What the exercise asks
From the records below, copy every line that contains the word "carries".

Data provided
(* Let $R$ be a compact Hausdorff unitary topological ring satisfying the first countability axiom, and let $f:M\to N$ be a continuous homomorphism of complete totally disconnected $R$-modules. Then $f$ is strict if and only if $f(M)$ is closed in $N$.
   Context: A complete totally disconnected (t.d.) $R$-module is a Hausdorff, complete topological left $R$-module $M$ which has a basis of neighbourhoods of $0$ consisting of open submodules and which satisfies the second countability axiom. A continuous $R$-linear homomorphism $f:M\to N$ is called strict if the induced bijection $M/\ker(f)\to f(M)$ is a homeomorphism, where $M/\ker f$ carries the quotient topology and $f(M)$ the subspace topology of $N$. *)

From HB Require Import structures.
From mathcomp Require Import all_boot all_order all_algebra generic_quotient.
From mathcomp Require Import all_classical reals topology.
Set Implicit Arguments. Unset Strict Implicit. Unset Printing Implicit Defensive.
Import GRing.Theory.
Local Open Scope classical_set_scope.
Local Open Scope ring_scope.

HB.structure Definition TopNmodule := {M of Topological M & GRing.Nmodule M}.
HB.structure Definition TopZmodule := {M of Topological M & GRing.Zmodule M}.

(* A (unitary) ring carrying a topology; the axioms of a topological ring
   are imposed separately by [topological_ring]. *)
HB.structure Definition TopNzRing := {R of Topological R & GRing.NzRing R}.
Notation topNzRingType := TopNzRing.type.

(* A left (unital) R-module carrying a topology; the axioms of a
   topological module are imposed separately by [topological_module]. *)
HB.structure Definition TopLmodule (R : nzRingType) :=
  {M of Topological M & GRing.Lmodule R M}.
Notation topLmodType R := (TopLmodule.type R).

Definition topological_ring (R : topNzRingType) : Prop :=
  [/\ continuous (fun p : R * R => p.1 + p.2),
      continuous (fun x : R => - x)
    & continuous (fun p : R * R => p.1 * p.2)].

Definition first_countable (T : topologicalType) : Prop :=
  forall x : T, exists B : nat -> set T,
    (forall n, nbhs x (B n)) /\ (forall U, nbhs x U -> exists n, B n `<=` U).

Section Modules.
Variable R : topNzRingType.

Definition topological_module (M : topLmodType R) : Prop :=
  [/\ continuous (fun p : M * M => p.1 + p.2),
      continuous (fun x : M => - x)
    & continuous (fun p : R * M => p.1 *: p.2)].

Definition submodule (M : topLmodType R) (V : set M) : Prop :=
  [/\ V 0, (forall x y, V x -> V y -> V (x + y))
    & (forall (r : R) x, V x -> V (r *: x))].

(* Cauchy filters for the (translation-invariant) uniformity of the
   topological abelian group M *)
Definition cauchy_filter (M : topLmodType R) (F : set_system M) : Prop :=
  forall U, nbhs (0 : M) U ->
    exists2 A, F A & (forall x y, A x -> A y -> U (x - y)).

Definition complete_module (M : topLmodType R) : Prop :=
  forall F : set_system M, ProperFilter F -> cauchy_filter F ->
    exists x : M, F --> x.

Definition complete_td_module (M : topLmodType R) : Prop :=
  [/\ topological_module M,
      hausdorff_space M,
      complete_module M,
      (forall U, nbhs (0 : M) U ->
         exists V : set M, [/\ open V, submodule V & V `<=` U])
    & @second_countable M].

Section Strict.
Local Open Scope quotient_scope.
Variables (M N : topLmodType R) (f : M -> N).

Definition ker_rel : rel M := fun x y => f x == f y.

Lemma ker_rel_refl : reflexive ker_rel.
Proof. by move=> x; rewrite /ker_rel eqxx. Qed.
Lemma ker_rel_sym : symmetric ker_rel.
Proof. by move=> x y; rewrite /ker_rel eq_sym. Qed.
Lemma ker_rel_trans : transitive ker_rel.
Proof. by move=> y x z; rewrite /ker_rel => /eqP -> /eqP ->. Qed.

Canonical ker_equiv := EquivRel ker_rel ker_rel_refl ker_rel_sym ker_rel_trans.

Definition ker_quot := quotient_topology {eq_quot ker_equiv}.

(* the induced bijection M / ker f -> f(M), where f(M) (a set_type)
   carries the subspace topology *)
Definition induced_map (q : ker_quot) : set_type (range f) :=
  SigSub (mem_set (ex_intro2 _ _ (repr q) I erefl : range f (f (repr q)))).

Definition strict : Prop :=
  exists h : set_type (range f) -> ker_quot,
    [/\ cancel induced_map h, cancel h induced_map,
        continuous induced_map & continuous h].
End Strict.
End Modules.

From HB Require Import structures.
From mathcomp Require Import all_boot all_order all_algebra generic_quotient.
From mathcomp Require Import all_classical reals topology.
Set Implicit Arguments. Unset Strict Implicit. Unset Printing Implicit Defensive.
Import GRing.Theory.
Local Open Scope classical_set_scope.
Local Open Scope ring_scope.

(* Both M and N have a countable decreasing base of open subgroups at
   0.  Strictness of f amounts to: for every open subgroup V of M, f(V)
   contains W ∩ f(M) for some open subgroup W of N.  Given this, a point of the
   closure of f(M) is a limit of values f(x_j) whose increments lift to small
   increments of x_j, so completeness of M produces a preimage.  Conversely, if
   f(M) is closed it is complete; were no W ∩ f(M) contained in the closure of
   f(V), one could build a Cauchy sequence in f(M) staying away from the image
   of each of the countably many cosets x_i + V, whose limit f(x) is absurd.
   Successive approximation then removes the closure, as in Banach's open
   mapping theorem. *)

Definition subgroup (G : zmodType) (V : set G) :=
  V 0 /\ forall x y, V x -> V y -> V (x - y).

Section Subgroup.
Variables (G : zmodType) (V : set G).
Hypothesis sV : subgroup V.

Lemma subgroup0 : V 0. Proof. by case: sV. Qed.

Lemma subgroupB x y : V x -> V y -> V (x - y). Proof. by case: sV => _; apply. Qed.

Lemma subgroupN x : V x -> V (- x).
Proof. by move=> Vx; rewrite -sub0r; apply: subgroupB => //; exact: subgroup0. Qed.

Lemma subgroupD x y : V x -> V y -> V (x + y).
Proof. by move=> Vx Vy; rewrite -[y]opprK; apply: subgroupB => //; exact: subgroupN. Qed.

End Subgroup.

Lemma subgroup_range (G H : zmodType) (f : {additive G -> H}) : subgroup (range f).
Proof.
split; first by exists 0; rewrite ?raddf0.
by move=> _ _ [x _ <-] [y _ <-]; exists (x - y); rewrite ?raddfB.
Qed.

Lemma submodule_subgroup (R : topNzRingType) (M : topLmodType R) (V : set M) :
  submodule V -> subgroup V.
Proof.
case=> V0 VD VZ; split => // x y Vx Vy.
by rewrite -scaleN1r; apply: VD => //; exact: VZ.
Qed.

Lemma topological_module_addr_continuous (R : topNzRingType) (M : topLmodType R) :
  topological_module M -> forall c : M, continuous (fun x => x + c).
Proof.
case=> addC _ _ c x.
apply: (continuous_comp (f := fun x => (x, c))) (addC _).
by apply: cvg_pair; [exact: cvg_id | exact: cvg_cst].
Qed.

Lemma countable_sub_range (T : Type) (B : set (set T)) : countable B ->
  exists g : nat -> set T, B `<=` range g.
Proof. by move=> /pcard_surjP [g gs]; exists g => b /gs [n _ <-]; exists n. Qed.

Section TopologicalGroup.
Variable G : TopZmodule.type.
Hypothesis addr_cont : forall c : G, continuous (fun x => x + c).

Lemma nbhs_coset (V : set G) (c : G) : open V -> V 0 -> nbhs c [set x | V (x - c)].
Proof.
move=> oV V0; apply: open_nbhs_nbhs; split; last by rewrite /= subrr.
by move: (@addr_cont (- c)) => /continuousP; apply.
Qed.

(* An open subgroup is also closed, so its cosets are stable under limits. *)
Lemma open_subgroup_cvg (I : Type) (F : set_system I) {PF : ProperFilter F}
    (u : I -> G) (l c : G) (V : set G) :
  open V -> subgroup V -> u @ F --> l -> (\forall t \near F, V (u t - c)) ->
  V (l - c).
Proof.
move=> oV sV ul ev.
have evl : \forall t \near F, V (u t - l) := ul _ (nbhs_coset l oV (subgroup0 sV)).
have [t [Vc Vl]] := filter_ex (filterI ev evl).
by have := subgroupB sV Vc Vl; rewrite opprB addrC addrA subrK.
Qed.

Lemma countable_cosets (V : set G) : @second_countable G -> open V -> subgroup V ->
  exists xs : nat -> G, forall x, exists i, V (x - xs i).
Proof.
move=> [B cB hB] oV sV; have [g gB] := countable_sub_range cB.
have /choice[p hp] : forall k, exists p : G, (exists q, g k q) -> g k p.
  by move=> k; case: (pselect (exists q, g k q)) => [[q gq]|ng]; [exists q | exists 0].
exists p => x; have [b [Bb bx] bV] := hB.2 x _ (nbhs_coset x oV (subgroup0 sV)).
have [k _ gkb] := gB _ Bb; exists k.
have /bV /= Vpx : b (p k) by rewrite -gkb; apply: hp; exists x; rewrite gkb.
by have := subgroupN sV Vpx; rewrite opprB.
Qed.

Definition subgroup_base (V : nat -> set G) :=
  [/\ forall n, open (V n) /\ subgroup (V n), forall n, V n.+1 `<=` V n
    & forall U, nbhs 0 U -> exists n, V n `<=` U].

Lemma second_countable_subgroup_base : @second_countable G ->
  (forall U, nbhs (0 : G) U -> exists2 V, open V /\ subgroup V & V `<=` U) ->
  exists V, subgroup_base V.
Proof.
move=> [B cB hB] hsub; have [g gB] := countable_sub_range cB.
have /choice[U hU] : forall k, exists U : set G,
    [/\ open U, subgroup U & B (g k) -> g k 0 -> U `<=` g k].
  move=> k.
  case: (pselect (B (g k) /\ g k 0)) => [[Bg g0]|nBg]; last first.
    by exists setT; split=> [|//|Bg g0]; [exact: openT | case: nBg].
  have [V [oV sV] Vg] := hsub _ (open_nbhs_nbhs (conj (hB.1 _ Bg) g0)).
  by exists V.
pose fix W n := if n is n'.+1 then W n' `&` U n else U 0%N.
exists W; split.
- elim=> [|n [oW sW]] /=; first by have [] := hU 0%N.
  have [oU sU _] := hU n.+1; split; first exact: openI.
  split; first by split; [exact: subgroup0 sW | exact: subgroup0 sU].
  by move=> x y [Wx Ux] [Wy Uy]; split; [exact: (subgroupB sW) | exact: (subgroupB sU)].
- by move=> n x [].
- move=> A /hB.2[b [Bb b0] bA]; have [k _ gkb] := gB _ Bb.
  exists k => x Wx; apply: bA; rewrite -gkb.
  have [_ _ Ug] := hU k; apply: Ug; rewrite ?gkb //.
  by case: k {gkb} Wx => [|k] //= [].
Qed.

Section SubgroupBase.
Variable V : nat -> set G.
Hypothesis bV : subgroup_base V.

Lemma subgroup_base_open n : open (V n). Proof. by case: bV => /(_ n) []. Qed.

Lemma subgroup_base_subgroup n : subgroup (V n). Proof. by case: bV => /(_ n) []. Qed.

Lemma subgroup_base_le m n : (m <= n)%N -> V n `<=` V m.
Proof.
case: bV => _ VS _; apply: (@homo_leq _ _ (fun A B => B `<=` A)) => //.
- exact: subset_refl.
- by move=> B A C AB BC; exact: subset_trans BC AB.
Qed.

Lemma subgroup_base_nbhs (x : G) (U : set G) : nbhs x U ->
  exists n, forall z, V n (z - x) -> U z.
Proof.
move=> xU; have : nbhs (0 : G) [set z | U (z + x)] by apply: addr_cont; rewrite add0r.
by case: bV => _ _ /[apply] -[n VU]; exists n => z /VU /=; rewrite subrK.
Qed.

Lemma cvg_subgroup_base (u : nat -> G) (l : G) :
  (forall k, \forall j \near \oo, V k (u j - l)) -> u @ \oo --> l.
Proof.
move=> ul U /subgroup_base_nbhs[k VU].
by apply: filterS (ul k) => j /VU.
Qed.

Lemma subgroup_base_telescope (m : nat -> nat) (x : nat -> G) :
  {homo m : i j / (i <= j)%N} -> (forall n, V (m n) (x n.+1 - x n)) ->
  forall n j, (n <= j)%N -> V (m n) (x j - x n).
Proof.
move=> mle dx n; have V0 := subgroup0 (subgroup_base_subgroup (m n)).
elim=> [|j IH]; first by rewrite leqn0 => /eqP n0; rewrite -n0 subrr.
rewrite leq_eqVlt => /orP[/eqP <-|]; first by rewrite subrr.
rewrite ltnS => nj; rewrite -[x j.+1](subrK (x j)) -addrA.
apply: (subgroupD (subgroup_base_subgroup (m n))) (IH nj).
exact: subgroup_base_le (mle _ _ nj) _ (dx j).
Qed.

Lemma subgroup_base_increasing_index (P : nat -> G -> Prop) :
  (forall n, exists m, forall y, V m y -> P n y) ->
  exists c : nat -> nat, [/\ forall j, (c j < c j.+1)%N, forall j, (j <= c j)%N
    & forall n y, V (c n) y -> P n y].
Proof.
move=> /choice[m0 hm0].
pose fix c j := if j is j'.+1 then maxn (c j').+1 (m0 j) else m0 0%N.
have c_ge j : (m0 j <= c j)%N by case: j => //= j; rewrite leq_maxr.
have c_lt j : (c j < c j.+1)%N by rewrite /= leq_maxl.
exists c; split => // [j|n y /(subgroup_base_le (c_ge n))]; last exact: hm0.
by elim: j => // j IH; exact: leq_ltn_trans IH (c_lt j).
Qed.

End SubgroupBase.
End TopologicalGroup.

Exercise solution
   Context: A complete totally disconnected (t.d.) $R$-module is a Hausdorff, complete topological left $R$-module $M$ which has a basis of neighbourhoods of $0$ consisting of open submodules and which satisfies the second countability axiom. A continuous $R$-linear homomorphism $f:M\to N$ is called strict if the induced bijection $M/\ker(f)\to f(M)$ is a homeomorphism, where $M/\ker f$ carries the quotient topology and $f(M)$ the subspace topology of $N$. *)
   carries the subspace topology *)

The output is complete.